Rajpara Anand, Liolios Ana, Fraga Garth, Blackmon Joseph
University of Kansas Medical Center.
Dermatol Online J. 2014 Jun 15;20(6):13030/qt35w8r1g3.
A 58-year-old man with a history of hyperlipidemia and hypertension presented to the dermatology clinic with a 3-month history of a sudden onset, progressively worsening pruritic eruption involving the torso and extremities. Prior treatment included azithromycin and oral and intramuscular steroids, without improvement. Laboratory results demonstrated a serum eosinophil count of 7x10(3)/uL (normal 0-4). A 4-mm punch biopsy of the plaque on the patient's left thigh revealed a diffuse dermatitis with innumerable eosinophils with formation of "flame figures." Histologically, these findings are consistent with a diagnosis of Wells syndrome (WS). A work up for possible underlying malignancy found that the patient had underlying clear cell renal carcinoma. The eruption largely resolved following right laparoscopic nephrectomy with negative surgical margins, thus confirming the diagnosis of paraneoplastic WS. However, 2 years later the patient developed metastasis to his liver, lungs, and ribs. The patient's cancer has continued to progress despite treatment with high-dose interleukin-2, oral sunitinib, afinitor. avastin, azacytidine, and currently axitinib. Our case is the first to describe eosinophilic cellulitis arising in a patient with underlying renal cell carcinoma.
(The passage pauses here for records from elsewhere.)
Lemma std_rank_mono y k i : lex_lt y k i -> std_rank y k < std_rank y i.
Proof.
move=> lt_ki; apply: proper_card; apply/properP; split.
  by apply/subsetP => l; rewrite !inE => /lex_lt_trans; apply.
by exists k; rewrite !inE ?lex_lt_irr.
Qed.

Lemma std_rank_inj y : injective (fun i => Ordinal (std_rank_lt y i)).
Proof.
move=> k i /(congr1 val) /= eq_rank; apply/eqP; apply: contraT => neq_ki.
by case/orP: (lex_lt_total y _ _ neq_ki) => /std_rank_mono; rewrite eq_rank ltnn.
Qed.

Definition std y : 'S_n := perm (std_rank_inj y).

Lemma std_lt y k i : (std y k < std y i) = lex_lt y k i.
Proof.
rewrite !permE /=; apply/idP/idP => [lt_rank|]; last exact: std_rank_mono.
have [eq_ki|neq_ki] := eqVneq k i; first by rewrite eq_ki ltnn in lt_rank.
case/orP: (lex_lt_total y _ _ neq_ki) => // /std_rank_mono lt_rank'.
by have := ltn_trans lt_rank lt_rank'; rewrite ltnn.
Qed.

(* At adjacent positions a tie is never a descent of [std y]. *)
Lemma descents_std y : fdescents (fun k => y k : nat) = descents (std y).
Proof.
apply: eq_card => i; rewrite !inE.
apply/existsP/existsP => -[j /andP [/eqP j_eq lt_j]]; exists j; rewrite j_eq eqxx /=.
  by rewrite std_lt /lex_lt lt_j.
by move: lt_j; rewrite std_lt /lex_lt j_eq (ltnNge (val i).+1) leqnSn andbF orbF.
Qed.

Lemma count_by_std j :
  #|[set y : {ffun 'I_n -> 'I_a} | fdescents (fun k => y k : nat) == j]| =
  \sum_(s : 'S_n | descents s == j) #|[set y : {ffun 'I_n -> 'I_a} | std y == s]|.
Proof.
rewrite card_set_sum -big_mkcond /=.
rewrite (partition_big std (fun s => descents s == j)) => [|y]; last by rewrite descents_std.
apply: eq_bigr => s des_s; rewrite card_set_sum big_mkcond /=; apply: eq_bigr => y _.
by rewrite descents_std; case: (std y =P s) => [->|]; rewrite ?des_s ?andbF.
Qed.

End Standardization.
Arguments lex_lt {n a} y k i.
Arguments std {n a} y.

Section PermutationOrder.
(* A permutation of ['I_n] is determined by the relative order of its
   values: [s i] is the number of [k] with [s k < s i]. *)
Variable n : nat.
(* Fix any $\epsilon>0$. There exists a measurable set $S_\epsilon\subset\mathbb{T}^2$ with $\mu(S_\epsilon)\ge 9/32-\epsilon$ such that the following holds. For any $\theta,\alpha\in\mathbb{T}^2$ with $\{\theta,\theta+\alpha,\theta+2\alpha\}\subset S_\epsilon$, either \[2\psi(\theta+\alpha)\ge \psi(\theta)+\psi(\theta+2\alpha)+1/2,\] or otherwise, writing $d:=\frac{\pi^{-1}(\theta+2\alpha)-\pi^{-1}(\theta)}{2}\in\mathbb{R}^2$ (so that $\psi(\theta+2\alpha)=\psi(\theta)+2(d_1+d_2)$), we have \[\psi(\theta+\alpha)=\psi(\theta)+(d_1+d_2),\] and furthermore, if $|d_1+d_2|\le \frac{\epsilon}{1000}$, then \[(1-\{p(\theta)\})^2+(1-\{p(\theta+2\alpha)\})^2-2(1-\{p(\theta+\alpha)\})^2\ge d_1^2.\]
   Context: $\mathbb{T}^2:=(\mathbb{R}/\mathbb{Z})^2$ with normalized Haar (Lebesgue) measure $\mu$. $\pi:\mathbb{R}^2\to\mathbb{T}^2$, $x\mapsto x+\mathbb{Z}^2$, and for $\theta\in\mathbb{T}^2$, $\pi^{-1}(\theta)$ denotes the unique $x\in[0,1)^2$ with $\pi(x)=\theta$. The sum map $\psi:\mathbb{T}^2\to[0,2)$ is $\psi(\theta)=\pi^{-1}(\theta)_1+\pi^{-1}(\theta)_2$. The projection $p:\mathbb{T}^2\to[0,1)$ is $p(\theta)=\pi^{-1}(\theta)_1$. For $x\in[0,1)$, $\{x\}:=x$ if $x\in[0,1/2)$ and $\{x\}:=x-1/2$ otherwise (this is not the usual fractional part). *)

From HB Require Import structures.
From mathcomp Require Import all_boot all_order all_algebra.
From mathcomp Require Import all_classical all_reals all_analysis.
Set Implicit Arguments. Unset Strict Implicit. Unset Printing Implicit Defensive.
Import Order.TTheory GRing.Theory Num.Theory.
Local Open Scope classical_set_scope.
Local Open Scope ring_scope.
Lemma facet_prime_ass F : is_facet F -> ass I (face_prime F).
Proof.
move=> [fF maxF]; split; first exact: face_prime_is_prime.
exists 'X_[mnm_of_set F] => f; split=> [f0 | If].
  apply: SR_ideal_of_msupp => w; rewrite (perm_mem (msuppMX _ _)) => /mapP [u fu ->].
  have : out_deg F u != 0%N.
    apply: contraTneq fu => u0; rewrite mcoeff_msupp negbK.
    by have := coef_out_grade F f 0 u; rewrite u0 eqxx f0 mcoeff0 => <-.
  rewrite /out_deg sum_nat_eq0 negb_forall => /existsP [v].
  case: (boolP (v \in F)) => //= vF; rewrite mul1n => uv.
  move=> fw; apply: (maxF v vF); apply: face_down fw; apply/subsetP => i.
  rewrite !inE mnmDE mnm_of_setE.
  by case/orP => [/eqP -> | ->]; rewrite ?(negbTE vF) ?add0n // addn_eq0.
have := SR_ideal_vanish_below1 fF If (ltn0Sn 0).
rewrite out_gradeM coef0M -prodX_mnm_of_set out_grade_prodX => /eqP.
rewrite (eq_bigr (fun i => ('X_i)%:P)) => [|i iF]; last by rewrite /out_var iF mulr1.
rewrite -rmorph_prod coefC /= prodX_mnm_of_set mulf_eq0 (negbTE (mpolyX_neq0 _ _)) orbF.
by move/eqP.
Qed.

Lemma symb_pow_out_deg_ge F m (f : P) u :
  is_facet F -> symb_pow I m f -> u \in msupp f -> (m <= out_deg F u)%N.
Proof.
move=> facetF If fu; have [s [s0 Isf]] := If _ (facet_prime_ass facetF).
have := ideal_pow_vanish (fun x => SR_ideal_vanish_below1 (proj1 facetF)) Isf.
rewrite out_gradeM => /(vanish_below_cancel (introN eqP s0)) fm.
rewrite leqNgt; apply: contraL fu => /fm fu0; rewrite mcoeff_msupp negbK.
by have := coef_out_grade F f (out_deg F u) u; rewrite eqxx fu0 mcoeff0 => <-.
Qed.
一名58岁男性,有高脂血症和高血压病史,因突发、进行性加重的瘙痒性皮疹3个月就诊于皮肤科门诊,皮疹累及躯干和四肢。先前的治疗包括阿奇霉素以及口服和肌肉注射类固醇,但均无改善。实验室检查结果显示血清嗜酸性粒细胞计数为7×10³/μL(正常范围为0 - 4)。对患者左大腿斑块进行4毫米钻孔活检,显示为弥漫性皮炎,有无数嗜酸性粒细胞,并形成“火焰状图形”。组织学上,这些发现符合威尔斯综合征(WS)的诊断。对可能的潜在恶性肿瘤进行检查发现,该患者患有肾透明细胞癌。在右腹腔镜肾切除术后,手术切缘阴性,皮疹基本消退,从而确诊为副肿瘤性WS。然而,2年后患者出现肝、肺和肋骨转移。尽管接受了高剂量白细胞介素-2、口服舒尼替尼、依维莫司、阿瓦斯汀、阿扎胞苷治疗,目前又接受阿昔替尼治疗,患者的癌症仍在继续进展。我们的病例是首例描述在肾细胞癌患者中出现嗜酸性蜂窝织炎的病例。